- Work instruction -
Considering the entries that follow, report how many lines include the string "first", giving the number alone.

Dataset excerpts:
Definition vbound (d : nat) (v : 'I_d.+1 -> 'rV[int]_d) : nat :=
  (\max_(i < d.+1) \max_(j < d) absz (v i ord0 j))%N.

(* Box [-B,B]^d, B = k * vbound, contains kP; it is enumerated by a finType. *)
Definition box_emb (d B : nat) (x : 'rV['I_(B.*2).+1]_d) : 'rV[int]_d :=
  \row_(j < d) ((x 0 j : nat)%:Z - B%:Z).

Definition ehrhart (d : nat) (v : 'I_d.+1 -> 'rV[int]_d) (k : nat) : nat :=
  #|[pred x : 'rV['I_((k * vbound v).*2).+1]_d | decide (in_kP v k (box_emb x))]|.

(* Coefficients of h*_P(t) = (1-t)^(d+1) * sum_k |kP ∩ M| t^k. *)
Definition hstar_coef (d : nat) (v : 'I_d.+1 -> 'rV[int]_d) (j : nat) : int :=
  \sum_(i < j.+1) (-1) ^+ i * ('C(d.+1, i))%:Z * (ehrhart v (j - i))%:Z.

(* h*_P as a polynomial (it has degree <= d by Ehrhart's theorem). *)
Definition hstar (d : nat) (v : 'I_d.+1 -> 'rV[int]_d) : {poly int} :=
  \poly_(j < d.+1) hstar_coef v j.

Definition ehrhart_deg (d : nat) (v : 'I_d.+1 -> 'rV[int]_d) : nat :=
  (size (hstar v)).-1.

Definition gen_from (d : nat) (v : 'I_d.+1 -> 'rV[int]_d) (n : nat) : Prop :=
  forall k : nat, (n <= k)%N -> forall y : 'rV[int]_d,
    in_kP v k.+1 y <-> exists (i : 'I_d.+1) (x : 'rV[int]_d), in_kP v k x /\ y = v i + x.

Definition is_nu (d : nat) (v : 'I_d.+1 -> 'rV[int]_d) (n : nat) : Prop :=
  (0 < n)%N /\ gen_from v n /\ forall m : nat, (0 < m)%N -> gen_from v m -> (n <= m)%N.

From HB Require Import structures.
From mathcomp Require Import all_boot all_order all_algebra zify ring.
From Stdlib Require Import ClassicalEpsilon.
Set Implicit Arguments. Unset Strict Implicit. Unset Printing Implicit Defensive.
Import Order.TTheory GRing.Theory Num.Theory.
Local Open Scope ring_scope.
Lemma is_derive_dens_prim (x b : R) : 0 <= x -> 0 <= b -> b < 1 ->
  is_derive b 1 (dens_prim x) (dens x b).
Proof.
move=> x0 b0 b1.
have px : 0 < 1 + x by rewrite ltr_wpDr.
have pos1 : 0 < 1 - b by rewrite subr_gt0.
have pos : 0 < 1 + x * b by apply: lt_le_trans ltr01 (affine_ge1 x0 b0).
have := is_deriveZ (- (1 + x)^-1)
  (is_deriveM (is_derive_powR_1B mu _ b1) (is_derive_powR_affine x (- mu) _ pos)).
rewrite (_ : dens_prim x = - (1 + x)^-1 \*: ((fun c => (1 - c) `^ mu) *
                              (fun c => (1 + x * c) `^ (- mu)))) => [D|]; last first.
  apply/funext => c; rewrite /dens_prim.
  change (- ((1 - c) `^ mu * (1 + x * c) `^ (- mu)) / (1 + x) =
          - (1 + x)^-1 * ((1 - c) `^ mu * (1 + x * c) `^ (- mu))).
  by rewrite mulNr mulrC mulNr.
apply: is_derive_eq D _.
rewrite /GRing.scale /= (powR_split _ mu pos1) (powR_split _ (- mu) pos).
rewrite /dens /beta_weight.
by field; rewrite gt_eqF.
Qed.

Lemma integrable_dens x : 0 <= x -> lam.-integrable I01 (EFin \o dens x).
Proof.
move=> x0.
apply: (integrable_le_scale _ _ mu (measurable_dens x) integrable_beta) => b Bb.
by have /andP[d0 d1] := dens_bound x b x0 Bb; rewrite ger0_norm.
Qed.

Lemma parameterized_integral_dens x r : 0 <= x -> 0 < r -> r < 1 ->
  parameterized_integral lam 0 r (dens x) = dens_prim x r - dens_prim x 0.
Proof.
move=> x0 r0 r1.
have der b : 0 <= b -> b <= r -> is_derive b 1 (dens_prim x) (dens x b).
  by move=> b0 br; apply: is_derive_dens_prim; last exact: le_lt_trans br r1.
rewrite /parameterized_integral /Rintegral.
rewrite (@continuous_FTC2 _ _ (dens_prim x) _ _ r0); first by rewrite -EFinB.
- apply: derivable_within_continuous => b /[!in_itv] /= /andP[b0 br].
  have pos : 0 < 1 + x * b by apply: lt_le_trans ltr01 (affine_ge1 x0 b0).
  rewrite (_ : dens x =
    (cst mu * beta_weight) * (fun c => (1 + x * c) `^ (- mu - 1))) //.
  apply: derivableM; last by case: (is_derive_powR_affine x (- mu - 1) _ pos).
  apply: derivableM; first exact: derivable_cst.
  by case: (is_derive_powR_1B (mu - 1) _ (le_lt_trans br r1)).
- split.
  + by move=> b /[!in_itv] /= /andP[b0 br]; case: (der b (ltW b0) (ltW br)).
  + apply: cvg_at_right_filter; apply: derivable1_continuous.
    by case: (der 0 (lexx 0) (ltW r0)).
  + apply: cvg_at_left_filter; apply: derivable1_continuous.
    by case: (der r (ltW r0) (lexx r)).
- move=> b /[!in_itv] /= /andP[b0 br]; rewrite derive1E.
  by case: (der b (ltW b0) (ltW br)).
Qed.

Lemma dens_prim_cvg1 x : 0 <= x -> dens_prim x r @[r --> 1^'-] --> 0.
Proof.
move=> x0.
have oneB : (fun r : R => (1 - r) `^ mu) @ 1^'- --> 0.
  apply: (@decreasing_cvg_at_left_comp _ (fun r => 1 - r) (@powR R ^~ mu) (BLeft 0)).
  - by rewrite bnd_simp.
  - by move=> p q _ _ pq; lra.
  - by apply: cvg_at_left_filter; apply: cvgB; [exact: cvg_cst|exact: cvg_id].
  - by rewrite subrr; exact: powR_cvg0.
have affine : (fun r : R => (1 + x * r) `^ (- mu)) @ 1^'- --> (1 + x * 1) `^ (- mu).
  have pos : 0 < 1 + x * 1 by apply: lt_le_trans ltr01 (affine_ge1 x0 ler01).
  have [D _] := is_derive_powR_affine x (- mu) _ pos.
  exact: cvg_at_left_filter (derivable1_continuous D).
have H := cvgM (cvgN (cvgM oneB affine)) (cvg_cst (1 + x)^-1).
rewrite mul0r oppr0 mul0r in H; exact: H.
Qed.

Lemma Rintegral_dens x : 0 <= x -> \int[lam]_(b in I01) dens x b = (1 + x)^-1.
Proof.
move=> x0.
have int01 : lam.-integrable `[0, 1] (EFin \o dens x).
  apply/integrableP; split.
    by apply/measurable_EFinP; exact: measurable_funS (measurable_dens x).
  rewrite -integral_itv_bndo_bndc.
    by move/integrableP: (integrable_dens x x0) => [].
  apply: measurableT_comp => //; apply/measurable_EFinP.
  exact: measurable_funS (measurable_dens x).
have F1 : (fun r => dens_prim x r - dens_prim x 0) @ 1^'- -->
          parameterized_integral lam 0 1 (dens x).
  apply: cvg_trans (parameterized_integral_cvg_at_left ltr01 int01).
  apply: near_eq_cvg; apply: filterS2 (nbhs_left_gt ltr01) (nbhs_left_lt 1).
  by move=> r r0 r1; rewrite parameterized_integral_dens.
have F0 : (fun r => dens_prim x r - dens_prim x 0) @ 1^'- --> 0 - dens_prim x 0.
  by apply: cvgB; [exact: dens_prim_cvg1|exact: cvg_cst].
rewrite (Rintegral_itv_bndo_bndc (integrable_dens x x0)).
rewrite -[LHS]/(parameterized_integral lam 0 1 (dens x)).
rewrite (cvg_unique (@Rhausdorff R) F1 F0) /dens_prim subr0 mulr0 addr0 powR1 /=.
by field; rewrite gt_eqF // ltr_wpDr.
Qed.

- Solution for this exercise -
3